What is required: Looking at the records below, count how many lines contain the string "first". Give that number alone.
-------
Lemma homV x : f (ginv x) = ginv (f x).
Proof. by apply/esym/ginv_unique; rewrite -f_hom gmulgV hom1. Qed.

Lemma hom_gexpz x z : f (gexpz x z) = gexpz (f x) z.
Proof.
have hom_gexpn n : f (gexpn x n) = gexpn (f x) n.
  by elim: n => [|n IH]; [exact: hom1 | rewrite /= f_hom IH].
case: z => n; first exact: hom_gexpn.
change (f (ginv (gexpn x n.+1)) = ginv (gexpn (f x) n.+1)).
by rewrite homV hom_gexpn.
Qed.

End Homomorphisms.

Definition zvec_group (V : finType) : group :=
  @Defs.Group {ffun V -> int} (fun x y => x + y) 0 (fun x => - x)
    (@addrA _) (@add0r _) (@addNr _).

Lemma zvec_mulE (V : finType) (x y : zvec_group V) v :
  (gmul x y : {ffun V -> int}) v = x v + y v.
Proof. exact: ffunE. Qed.

Lemma zvec_gexpzE (V : finType) (x : zvec_group V) z v :
  (gexpz x z : {ffun V -> int}) v = x v * z.
Proof.
have zvec_gexpnE n : (gexpn x n : {ffun V -> int}) v = x v *+ n.
  by elim: n => [|n IH]; rewrite /= ffunE ?IH ?mulrS.
case: z => n.
  change ((gexpn x n : {ffun V -> int}) v = x v * n%:Z).
  by rewrite zvec_gexpnE -mulr_natr natz.
change ((- gexpn x n.+1 : {ffun V -> int}) v = x v * Negz n).
by rewrite ffunE zvec_gexpnE NegzE mulrN -mulr_natr natz.
Qed.

Section RightAngledArtinGroup.
Variables (V : finType) (E : rel V) (G : group) (iota : V -> G).
Hypothesis raagG : is_raag E iota.
Local Notation S := (social_set E).

Lemma raag_hom_ext (H : group) (f g : G -> H) : is_hom f -> is_hom g ->
  (forall v, f (iota v) = g (iota v)) -> f = g.
Proof.
move=> f_hom g_hom fg_gen; have [iota_comm univ] := raagG.
have f_comm x y : E x y ->
    gmul (f (iota x)) (f (iota y)) = gmul (f (iota y)) (f (iota x)).
  by move=> Exy; rewrite -!f_hom iota_comm.
have [phi [_ _ phi_uniq]] := univ H (fun v => f (iota v)) f_comm.
apply: functional_extensionality => x.
by rewrite (phi_uniq f) // (phi_uniq g) // => v; rewrite fg_gen.
Qed.

(* Conjugation by a social generator fixes every generator, hence is the identity. *)
Lemma social_central s : s \in S -> central (iota s).
Proof.
move=> Ss y.
pose conj x := gmul (gmul (iota s) x) (ginv (iota s)).
have conj_hom : is_hom conj.
  move=> x z; rewrite /conj.
  by rewrite !gmulA -(gmulA _ (ginv (iota s)) (iota s)) gmulVl gmulg1.
have conj_id : conj = id.
  apply: raag_hom_ext => // v; rewrite /conj.
  have [-> | neq_vs] := eqVneq v s; first by rewrite -gmulA gmulgV gmulg1.
  move: Ss; rewrite inE => /forallP /(_ v); rewrite neq_vs => Esv.
  by rewrite (raagG.1 _ _ Esv) -gmulA gmulgV gmulg1.
have conj_y : gmul (gmul (iota s) y) (ginv (iota s)) = y.
  exact: (congr1 (fun h : G -> G => h y) conj_id).
by rewrite -{2}conj_y -gmulA gmulVl gmulg1.
Qed.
-------
Reply to the exercise: 2